Using the entries that follow, write out the line containing "Lemma eigenvalue_conj_diag (F", the line containing "move=> P_unit; apply/eigenvalueP;", and every line between them, exactly and nothing else.

- _Record set_
BEGIN
Lemma dep_agree F u u' : (forall y, y \in dep F -> u y = u' y) -> F u = F u'.
Proof.
move Hn: #|[set y | u y != u' y]| => n.
elim: n u Hn => [|n IH] u Hn agree.
  suff -> : u = u' by [].
  apply/ffunP => y; apply/eqP; apply: contraT => Hy.
  by move/eqP: Hn; rewrite cards_eq0 => /eqP/setP/(_ y); rewrite !inE Hy.
have [y Hy] : exists y, y \in [set y | u y != u' y].
  by apply/set0Pn; rewrite -cards_eq0 Hn.
have yNF : y \notin dep F.
  by apply: contraT; rewrite negbK => /agree; move: Hy; rewrite inE => /eqP.
rewrite -(nodep_upd yNF u (u' y)); apply: IH => [|t Ht]; last first.
  by rewrite ffunE; case: eqP => [->//|_]; apply: agree.
rewrite (cardsD1 y) Hy add1n in Hn; case: Hn => <-.
apply: eq_card => t; rewrite !inE ffunE.
by case: (eqVneq t y) => [->|]; rewrite ?eqxx.
Qed.

Definition depends_only (T : Type) (p : asg X -> T) (A : {set X}) : Prop :=
  forall u u' : asg X, (forall y, y \in A -> u y = u' y) -> p u = p u'.

Lemma depends_only_sub (T : Type) (D : asg X -> T) (A B : {set X}) :
  A \subset B -> depends_only D A -> depends_only D B.
Proof.
by move=> /fintype.subsetP AB DA u u' agree; apply: DA => y /AB; apply: agree.
Qed.

Lemma Dx_depends_only F x : depends_only (Dx x F) (dep F).
Proof.
move=> u u' agree; rewrite !ffunE; congr (_ (+) _); apply: dep_agree => y yF;
by rewrite !ffunE agree.
Qed.

Lemma DxE x F w : Dx x F w = F (upd w x true) (+) F (upd w x false).
Proof. by rewrite !ffunE. Qed.

Lemma Dx_upd x f w c : Dx x f (upd w x c) = Dx x f w.
Proof. by rewrite !ffunE !upd_upd. Qed.

Lemma Dx_nodep x f : x \notin dep f -> Dx x f = [ffun=> false].
Proof.
by rewrite inE negbK => /eqP E; apply/ffunP => w; rewrite ffunE E addbb ffunE.
Qed.

Lemma Dx_neg x g : Dx x (negBF g) = Dx x g.
Proof. by apply/ffunP => w; rewrite !ffunE addbN addNb negbK. Qed.

Lemma Dx_flip1 x f w : (f w != f (upd w x (~~ w x))) = Dx x f w.
Proof.
rewrite !ffunE -{1}(upd_id w x).
by case: (w x); case: (f (upd w x true)); case: (f (upd w x false)).
Qed.

End Dependence.

Section CriticalSets.
Variable X : finType.
Implicit Types (u w : asg X) (f g F : BF X) (x y : X) (S T : {set X}).

Definition flips_into (D : BF X) u : {set {set X}} := [set S | D (flip u S)].

Lemma flip_setU1 u x S : x \notin S ->
  flip u (x |: S) = upd (flip u S) x (~~ flip u S x).
Proof.
move=> xNS; apply/ffunP => y; rewrite !ffunE !inE.
by case: (eqVneq y x) => [->|//]; rewrite (negbTE xNS) addbT addbF.
Qed.

Lemma flip_setD1 u x S : flip u (S :\ x) = upd (flip u S) x (u x).
Proof.
apply/ffunP => y; rewrite !ffunE !inE.
by case: (eqVneq y x) => [->|]; rewrite ?addbF.
Qed.

Lemma flipC u S T : flip (flip u S) T = flip (flip u T) S.
Proof. by apply/ffunP => y; rewrite !ffunE -!addbA [(_ \in T) (+) _]addbC. Qed.

Lemma flipK u S : flip (flip u S) S = u.
Proof. by apply/ffunP => y; rewrite !ffunE -addbA addbb addbF. Qed.

Lemma flip_inj S : injective (fun u => flip u S).
Proof. by move=> u u' /(congr1 (fun w => flip w S)); rewrite !flipK. Qed.

Lemma mscs_Dx u x f : mscs u x f = msz (flips_into (Dx x f) u).
Proof.
rewrite mscs_msz; apply: msz_eq => S; rewrite inE.
  move=> DS; exists (S :\ x); last by rewrite subset_leq_card // subD1set.
  by rewrite inE setD11 flip_setU1 ?setD11 // Dx_flip1 flip_setD1 Dx_upd.
by case/andP=> xNS crit; exists S; rewrite // inE -Dx_flip1 -flip_setU1.
Qed.

Lemma flips_into_sub (D1 D2 : BF X) u : (forall w, D1 w -> D2 w) ->
  ole (msz (flips_into D2 u)) (msz (flips_into D1 u)).
Proof.
by move=> D12; apply: msz_dom => S; rewrite inE => DS; exists S; rewrite ?inE ?D12.
Qed.

Lemma flips_into_ext (D1 D2 : BF X) u u' :
  (forall S, D1 (flip u S) = D2 (flip u' S)) ->
  msz (flips_into D1 u) = msz (flips_into D2 u').
Proof. by move=> E; congr msz; apply/setP => S; rewrite !inE E. Qed.

Lemma mscs_neg u x g : mscs u x (negBF g) = mscs u x g.
Proof. by rewrite !mscs_Dx Dx_neg. Qed.

Lemma mscs_nodep u x f : x \notin dep f -> mscs u x f = None.
Proof.
by move=> xNf; rewrite mscs_Dx Dx_nodep //; case: mszP => // S; rewrite inE ffunE.
Qed.

Lemma mscs_var u x : mscs u x (var x) = Some 0%N.
Proof.
have set0_in : finset.set0 \in flips_into (Dx x (var x)) u by rewrite inE !ffunE !eqxx.
rewrite mscs_Dx; case: mszP => [/(_ finset.set0)|S0 _ min0]; first by rewrite set0_in.
by have := min0 _ set0_in; rewrite cards0 leqn0 => /eqP ->.
Qed.

Lemma mscs_flipBF u x f y : mscs u x (flipBF f y) = mscs (flip u [set y]) x f.
Proof.
by rewrite !mscs_msz; congr msz; apply/setP => S; rewrite !inE !ffunE !(flipC _ [set y]).
Qed.

Lemma perm_invK (s : {perm X}) y : perm_inv (perm_inv s) y = s y.
Proof. by apply: (@perm_inj _ (perm_inv s)); rewrite permKV permK. Qed.

Lemma perm_asg_inj (s : {perm X}) : injective (perm_asg s).
Proof.
move=> u u' /(congr1 (fun w : asg X => w (s _))) E; apply/ffunP => y.
by have := E y; rewrite !ffunE !permK.
Qed.
(* $\operatorname{LLPO}\le_{\mathrm{sW}}\operatorname{Proj}_\mathbb{R}$.
   Context: Represented spaces: a representation of a set $X$ is a partial surjection $\delta_X:\subseteq\mathbb{N}^\mathbb{N}\to X$. For a partial multi-valued function $f:\subseteq X\rightrightarrows Y$, a realizer is a partial $F:\subseteq\mathbb{N}^\mathbb{N}\to\mathbb{N}^\mathbb{N}$ with $\delta_Y(F(p))\in f(\delta_X(p))$ for all $p$ with $\delta_X(p)\in\mathrm{dom}(f)$. Strong Weihrauch reducibility $f\le_{\mathrm{sW}}g$: there are computable partial $H,K:\subseteq\mathbb{N}^\mathbb{N}\to\mathbb{N}^\mathbb{N}$ with $H\circ G\circ K$ a realizer of $f$ for every realizer $G$ of $g$. $\operatorname{LLPO}:\subseteq\mathbb{N}^\mathbb{N}\times\mathbb{N}^\mathbb{N}\rightrightarrows\{0,1\}$: its domain consists of pairs $(p_0,p_1)$ such that there is at most one pair $(j,m)$ with $p_j(m)\ne0$, and $i\in\operatorname{LLPO}(p_0,p_1)$ iff $p_i=0^\mathbb{N}$. $\mathbb{R}$ has the Cauchy representation. $\mathcal{A}(\mathbb{R})$: closed subsets of $\mathbb{R}$ with total information, a name of $A$ consisting of an enumeration of rational open intervals whose union is $\mathbb{R}\setminus A$ together with an enumeration of exactly the rational open intervals meeting $A$. $\operatorname{Proj}_\mathbb{R}:\subseteq\mathbb{R}\times\mathcal{A}(\mathbb{R})\rightrightarrows\mathbb{R}$ maps $(x,A)$ with $A$ nonempty closed to the set of $y\in A$ with $|x-y|=d(x,A)$. *)

From Stdlib Require Import Reals Lra Lia List Arith.
From Stdlib Require Import Rtopology.
Import ListNotations.
Open Scope R_scope.

Definition Baire := nat -> nat.

Inductive recf : Type :=
| RZero : recf
| RSucc : recf
| RProj : nat -> recf
| RComp : recf -> list recf -> recf
| RPrim : recf -> recf -> recf
| RMu   : recf -> recf.

Inductive reval : recf -> list nat -> nat -> Prop :=
| ev_zero : forall v, reval RZero v 0
| ev_succ : forall x v, reval RSucc (x :: v) (S x)
| ev_proj : forall i v x, nth_error v i = Some x -> reval (RProj i) v x
| ev_comp : forall f gs v ys z, revals gs v ys -> reval f ys z -> reval (RComp f gs) v z
| ev_prim0 : forall f g v z, reval f v z -> reval (RPrim f g) (0%nat :: v) z
| ev_primS : forall f g n v r z,
    reval (RPrim f g) (n :: v) r -> reval g (n :: r :: v) z ->
    reval (RPrim f g) (S n :: v) z
| ev_mu : forall f v n,
    reval f (n :: v) 0%nat ->
    (forall m, (m < n)%nat -> exists k, reval f (m :: v) (S k)) ->
    reval (RMu f) v n
with revals : list recf -> list nat -> list nat -> Prop :=
| evs_nil : forall v, revals [] v []
| evs_cons : forall g gs v y ys, reval g v y -> revals gs v ys -> revals (g :: gs) v (y :: ys).

Definition cpair (x y : nat) : nat := (Nat.div ((x + y) * (x + y + 1)) 2 + y)%nat.

Fixpoint enc (l : list nat) : nat :=
  match l with
  | [] => 0%nat
  | x :: t => S (cpair x (enc t))
  end.

Definition recursive_word (w : list nat -> list nat) : Prop :=
  exists e : recf, forall l, reval e [enc l] (enc (w l)).

Definition is_prefix (l l' : list nat) : Prop := exists t, l' = l ++ t.

Definition monotone_word (w : list nat -> list nat) : Prop :=
  forall l l', is_prefix l l' -> is_prefix (w l) (w l').

Definition pref (p : Baire) (k : nat) : list nat := map p (seq 0 k).

Definition computes (w : list nat -> list nat) (p q : Baire) : Prop :=
  forall n, exists k, nth_error (w (pref p k)) n = Some (q n).

Definition pfun := Baire -> Baire -> Prop.

Definition functional (F : pfun) : Prop :=
  forall p q q', F p q -> F p q' -> q = q'.

(** A partial F is computable if some Type-2 machine (monotone recursive
    word function) computes F(p) on every input p in dom(F). *)
Definition pcomputable (F : pfun) : Prop :=
  functional F /\
  exists w, recursive_word w /\ monotone_word w /\
    forall p q, F p q -> computes w p q.

Definition pcomp3 (H G K : pfun) : pfun :=
  fun p q => exists a b, K p a /\ G a b /\ H b q.

Record rspace := { carrier : Type; delta : Baire -> carrier -> Prop }.

Record problem (X Y : rspace) := {
  pdom : carrier X -> Prop;
  pval : carrier X -> carrier Y -> Prop }.
Arguments pdom {X Y}.
Arguments pval {X Y}.

Definition realizer {X Y : rspace} (f : problem X Y) (F : pfun) : Prop :=
  forall p x, delta X p x -> pdom f x ->
    exists q, F p q /\ exists y, delta Y q y /\ pval f x y.

Definition sW_le {X Y Z W : rspace} (f : problem X Y) (g : problem Z W) : Prop :=
  exists H K : pfun, pcomputable H /\ pcomputable K /\
    forall G : pfun, functional G -> realizer g G -> realizer f (pcomp3 H G K).

Definition prod_space (X Y : rspace) : rspace :=
  {| carrier := (carrier X * carrier Y)%type;
     delta := fun r xy => delta X (fun n => r (2 * n)%nat) (fst xy) /\
                          delta Y (fun n => r (2 * n + 1)%nat) (snd xy) |}.

Definition baire_space : rspace := {| carrier := Baire; delta := fun p q => p = q |}.

Definition b2n (b : bool) : nat := if b then 1%nat else 0%nat.
Definition two_space : rspace := {| carrier := bool; delta := fun p b => p 0%nat = b2n b |}.

Definition LLPO : problem (prod_space baire_space baire_space) two_space :=
  @Build_problem (prod_space baire_space baire_space) two_space
  (fun pp : Baire * Baire =>
       forall (j j' : bool) (m m' : nat),
         (if j then snd pp else fst pp) m <> 0%nat ->
         (if j' then snd pp else fst pp) m' <> 0%nat ->
         j = j' /\ m = m')
  (fun (pp : Baire * Baire) (i : bool) =>
       forall m, (if i then snd pp else fst pp) m = 0%nat).

Definition qR (a b c : nat) : R := (INR a - INR b) / INR (S c).
Definition is_rat_code (k : nat) (q : R) : Prop :=
  exists a b c, k = cpair a (cpair b c) /\ q = qR a b c.

Definition real_space : rspace :=
  {| carrier := R;
     delta := fun p x => forall n, exists q, is_rat_code (p n) q /\ Rabs (x - q) <= / 2 ^ n |}.

Definition is_int_code (k : nat) (lo hi : R) : Prop :=
  exists r s, k = cpair r s /\ is_rat_code r lo /\ is_rat_code s hi.

(** closed subsets with total information: even part enumerates (with k+1 for
    code k, 0 = no information) intervals whose union is the complement; odd part
    enumerates exactly the codes of rational open intervals meeting A. *)
Definition closed_space : rspace :=
  {| carrier := R -> Prop;
     delta := fun p A =>
       (forall x, ~ A x <-> exists n k lo hi,
            p (2 * n)%nat = S k /\ is_int_code k lo hi /\ lo < x < hi) /\
       (forall k, (exists lo hi, is_int_code k lo hi /\ exists x, A x /\ lo < x < hi)
                  <-> exists n, p (2 * n + 1)%nat = S k) |}.

Definition Proj_R : problem (prod_space real_space closed_space) real_space :=
  @Build_problem (prod_space real_space closed_space) real_space
  (fun xA : R * (R -> Prop) => closed_set (snd xA) /\ exists y, snd xA y)
  (fun (xA : R * (R -> Prop)) (y : R) =>
       snd xA y /\ forall z, snd xA z -> Rabs (fst xA - y) <= Rabs (fst xA - z)).

From Stdlib Require Import Reals Lra Lia List Arith Cantor Classical.
Import ListNotations.

(* An instance (p0, p1) of LLPO is sent to the projection of [0] onto a two-point set {L, R}:
   L = -3 if p1 vanishes and L = -3 - 1/(j+1) if j is the first index with p1 j <> 0, and
   R = 3 or 3 + 1/(j+1) likewise from p0.  After reading a finite prefix, the search for the
   first nonzero entry confines each point to a rational segment shrinking to it, which is what
   makes a name of the set with total information computable from (p0, p1).  Since at most one
   of p0, p1 is nonzero, the nearest point to 0 is positive if p0 <> 0 (L < -3 < 3 = R) and
   negative if p1 <> 0; as both points have modulus at least 3, the sign of the first Cauchy
   approximation of the projection tells which of p0, p1 vanishes. *)

Open Scope nat_scope.

Definition ufst (n : nat) : nat := fst (Cantor.of_nat n).
Definition usnd (n : nat) : nat := snd (Cantor.of_nat n).

Lemma cpair_to_nat x y : cpair x y = Cantor.to_nat (x, y).
Proof.
  rewrite to_nat_spec2. unfold cpair.
  replace (x + y + 1) with (S (y + x)) by lia. rewrite (Nat.add_comm x y). lia.
Qed.
(* Let $H$ be a real $d\times d$ matrix partitioned into blocks $(H_{ij})_{1\le i,j\le n}$ with $H_{ij}\in\mathbb{R}^{d_i\times d_j}$, $\sum_i d_i=d$. Let $S=(H+H^\top)/2$ be its symmetric part and $H_d=\bigoplus_i H_{ii}$ the block-diagonal matrix formed by its diagonal blocks. For a square matrix $A$ write $\lambda(A)=\mathrm{Re}(\mathrm{Spec}(A))$ for the set of real parts of its eigenvalues. Then the following implications hold: (1) $H\prec 0\Rightarrow \max\lambda(H)<0$; (2) $H\prec 0\Rightarrow \max\lambda(H_d)<0$; (3) $\max\lambda(H)<0\Rightarrow\min\lambda(H)<0$; (4) $\max\lambda(H_d)<0\Rightarrow\min\lambda(H_d)<0$; (5) $\max\lambda(H)<0\Rightarrow \min\lambda(H_d)<0$; (6) $\max\lambda(H_d)<0\Rightarrow\min\lambda(H)<0$; (7) $\min\lambda(H)<0\Rightarrow\min\lambda(S)<0$; (8) $\min\lambda(H_d)<0\Rightarrow\min\lambda(S)<0$. Moreover, none of these implications is an equivalence: for each of them there exists such a partitioned matrix $H$ for which the conclusion holds but the hypothesis fails.
   Context: For a (not necessarily symmetric) real square matrix $H$, $H\prec 0$ means $u^\top H u<0$ for all nonzero $u$ (equivalently, the symmetric part of $H$ is negative definite). *)

(* real matrices over an arbitrary real closed field R,
   eigenvalues taken in the algebraic closure R[i] (mathcomp-real-closed). *)
From HB Require Import structures.
From mathcomp Require Import all_boot all_order all_algebra.
From mathcomp Require Import complex.
Set Implicit Arguments. Unset Strict Implicit. Unset Printing Implicit Defensive.
Import Order.TTheory GRing.Theory Num.Theory.
Local Open Scope ring_scope.

Definition cplx_mx (R : rcfType) (m : nat) (A : 'M[R]_m) : 'M[R[i]]_m :=
  map_mx (fun x : R => x%:C%C) A.

Definition spec (R : rcfType) (m : nat) (A : 'M[R]_m) : pred R[i] :=
  fun z => eigenvalue (cplx_mx A) z.

Definition lam (R : rcfType) (m : nat) (A : 'M[R]_m) : R -> Prop :=
  fun r => exists2 z : R[i], spec A z & complex.Re z = r.

(* max lambda(A) < 0  : every element of lambda(A) is negative
   (lambda(A) is finite and, for m >= 1, nonempty, so this is exactly max < 0) *)
Definition max_lam_neg (R : rcfType) (m : nat) (A : 'M[R]_m) : Prop :=
  forall r, lam A r -> r < 0.

Definition min_lam_neg (R : rcfType) (m : nat) (A : 'M[R]_m) : Prop :=
  exists2 r, lam A r & r < 0.

Definition negdef (R : rcfType) (m : nat) (H : 'M[R]_m) : Prop :=
  forall u : 'cV[R]_m, u != 0 -> (u^T *m H *m u) 0 0 < 0.

Definition sympart (R : rcfType) (m : nat) (H : 'M[R]_m) : 'M[R]_m :=
  2^-1 *: (H + H^T).

Definition blkdiag (R : rcfType) (n : nat) (ds : 'I_n -> nat)
  (H : 'M[R]_(\sum_(i < n) ds i)) : 'M[R]_(\sum_(i < n) ds i) :=
  \mxdiag_(i < n) submxblock H i i.

(* The whole argument runs through quadratic forms.  If [v A = z v] with
   [v = x + i y], then [Re z (|x|^2 + |y|^2) = x A x^T + y A y^T]; so a
   negative definite [A] has eigenvalues in the open left half plane, and an
   eigenvalue with negative real part produces a vector on which the quadratic
   form of [A], which is that of its symmetric part [S], is negative, whence
   (spectral theorem) [S] has a negative eigenvalue.  The quadratic form of [H_d]
   is the sum of the forms of [H] on the block restrictions of the vector, which
   gives [H < 0 -> H_d < 0] and (8).  Items (3)-(6) go through the trace, the
   sum of the eigenvalues: it is negative when [max lambda < 0] and forces
   [min lambda < 0] when negative, and [tr H = tr H_d].  All counterexamples
   are 2 x 2 lower triangular matrices with 1 x 1 blocks: their eigenvalues are
   the diagonal entries, while the entry below the diagonal changes the
   quadratic form. *)

From mathcomp Require Import all_boot all_order all_algebra.
From mathcomp Require Import complex ring lra.
Import Order.TTheory GRing.Theory Num.Theory tagnat.
Set Implicit Arguments. Unset Strict Implicit. Unset Printing Implicit Defensive.
Local Open Scope ring_scope.

Lemma sumr_lt0_exists (R : realDomainType) (I : eqType) (r : seq I) (F : I -> R) :
  \sum_(i <- r) F i < 0 -> exists2 i, i \in r & F i < 0.
Proof.
elim: r => [|a r IHr]; first by rewrite big_nil ltxx.
rewrite big_cons; have [Fa_lt0 _|Fa_ge0 lt0] := ltrP (F a) 0.
  by exists a; rewrite ?mem_head.
have [|i ri Fi_lt0] := IHr; first lra.
by exists i; rewrite ?inE ?ri ?orbT.
Qed.

Lemma eigenvalue_trigP (F : fieldType) n (T : 'M[F]_n) a :
  is_trig_mx T -> reflect (exists k, a = T k k) (eigenvalue T a).
Proof.
move=> T_trig; rewrite eigenvalue_root_char char_poly_trig // /root horner_prod.
apply: (iffP (@prodf_eq0 _ _ xpredT _)) => [[k _]|[k ->]].
  by rewrite !hornerE subr_eq0 => /eqP ->; exists k.
by exists k; rewrite ?hornerE ?subrr.
Qed.

Lemma eigenvalue_conj_diag (F : fieldType) n (P : 'M[F]_n) (d : 'rV[F]_n) k :
  P \in unitmx -> eigenvalue (invmx P *m diag_mx d *m P) (d 0 k).
Proof.
move=> P_unit; apply/eigenvalueP; exists (row k P).
  by rewrite !mulmxA -!row_mul mulmxV // mul1mx row_mul row_diag_mx -scalemxAl -rowE.
apply: contraTneq isT => Pk0; have := congr1 (mulmx^~ (invmx P)) Pk0.
rewrite rowE mulmxK // mul0mx => /rowP/(_ k); rewrite !mxE !eqxx /=.
by move/eqP; rewrite oner_eq0.
Qed.

Lemma mxtrace_sum_eigenvalues (F : closedFieldType) n (A : 'M[F]_n) :
  (0 < n)%N ->
  exists rs : seq F, [/\ size rs = n, all (eigenvalue A) rs & \tr A = \sum_(z <- rs) z].
Proof.
move=> n_gt0; have [rs chiE] := closed_field_poly_normal (char_poly A).
rewrite (monicP (char_poly_monic A)) scale1r in chiE.
have size_rs : size rs = n.
  by apply: succn_inj; rewrite -(size_char_poly A) chiE size_prod_XsubC.
exists rs; split => //.
  by apply/allP => z z_rs; rewrite eigenvalue_root_char chiE root_prod_XsubC.
apply: oppr_inj; rewrite -char_poly_trace // chiE -size_rs coefPn_prod_XsubC //.
by rewrite size_rs -lt0n.
Qed.

Section RealSpectrum.
Variables (R : rcfType) (m : nat).
Hypothesis m_gt0 : (0 < m)%N.
Implicit Type A : 'M[R]_m.

Lemma mxtrace_Re_spec A :
  exists rs : seq R[i],
    [/\ size rs = m, all (spec A) rs & \tr A = \sum_(z <- rs) complex.Re z].
Proof.
have [rs [size_rs rs_spec trE]] := mxtrace_sum_eigenvalues (cplx_mx A) m_gt0.
exists rs; split => //; rewrite -raddf_sum -trE /mxtrace raddf_sum /=.
by apply: eq_bigr => k _; rewrite mxE.
Qed.

Lemma max_lam_neg_mxtrace_lt0 A : max_lam_neg A -> \tr A < 0.
Proof.
move=> A_neg; have [rs [size_rs rs_spec ->]] := mxtrace_Re_spec A.
have := m_gt0; rewrite -size_rs.
case: rs {size_rs} rs_spec => [|z rs] //= /andP[Az Ars] _.
have Rez_lt0 : complex.Re z < 0 by apply: A_neg; exists z.
have : \sum_(w <- rs) complex.Re w <= 0.
  by rewrite big_seq sumr_le0 // => w /(allP Ars) Aw; apply/ltW/A_neg; exists w.
by rewrite big_cons; lra.
Qed.

Lemma mxtrace_lt0_min_lam_neg A : \tr A < 0 -> min_lam_neg A.
Proof.
have [rs [_ rs_spec ->]] := mxtrace_Re_spec A.
by case/sumr_lt0_exists => z /(allP rs_spec) Az Rez_lt0; exists (complex.Re z) => //; exists z.
Qed.

End RealSpectrum.

Section QuadraticForm.
Variables (R : rcfType) (m : nat).
Implicit Types (A B S : 'M[R]_m) (x y : 'rV[R]_m) (v w : 'rV[R[i]]_m).

Definition qform A x : R := (x *m A *m x^T) 0 0.

Lemma qformE A x : qform A x = \sum_k \sum_l x 0 k * A k l * x 0 l.
Proof.
rewrite /qform mxE; under eq_bigr do rewrite mxE mulr_suml.
rewrite exchange_big; apply: eq_bigr => k _; apply: eq_bigr => l _.
by rewrite !mxE.
Qed.

Lemma qformx0 A : qform A 0 = 0.
Proof. by rewrite qformE big1 // => k _; rewrite big1 // => l _; rewrite !mxE !mul0r. Qed.

Lemma qformD A B x : qform (A + B) x = qform A x + qform B x.
Proof. by rewrite /qform mulmxDr mulmxDl mxE. Qed.

Lemma qformZ a A x : qform (a *: A) x = a * qform A x.
Proof. by rewrite /qform -scalemxAr -scalemxAl mxE. Qed.

Lemma qform_tr A x : qform A^T x = qform A x.
Proof.
rewrite /qform -[in RHS](trmxK (x *m A *m x^T)) [in RHS]mxE.
by rewrite !trmx_mul trmxK mulmxA.
Qed.

Lemma sympart_tr A : (sympart A)^T = sympart A.
Proof. by rewrite /sympart linearZ /= linearD /= trmxK addrC. Qed.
END
- _Response to the exercise_
Lemma eigenvalue_conj_diag (F : fieldType) n (P : 'M[F]_n) (d : 'rV[F]_n) k :
  P \in unitmx -> eigenvalue (invmx P *m diag_mx d *m P) (d 0 k).
Proof.
move=> P_unit; apply/eigenvalueP; exists (row k P).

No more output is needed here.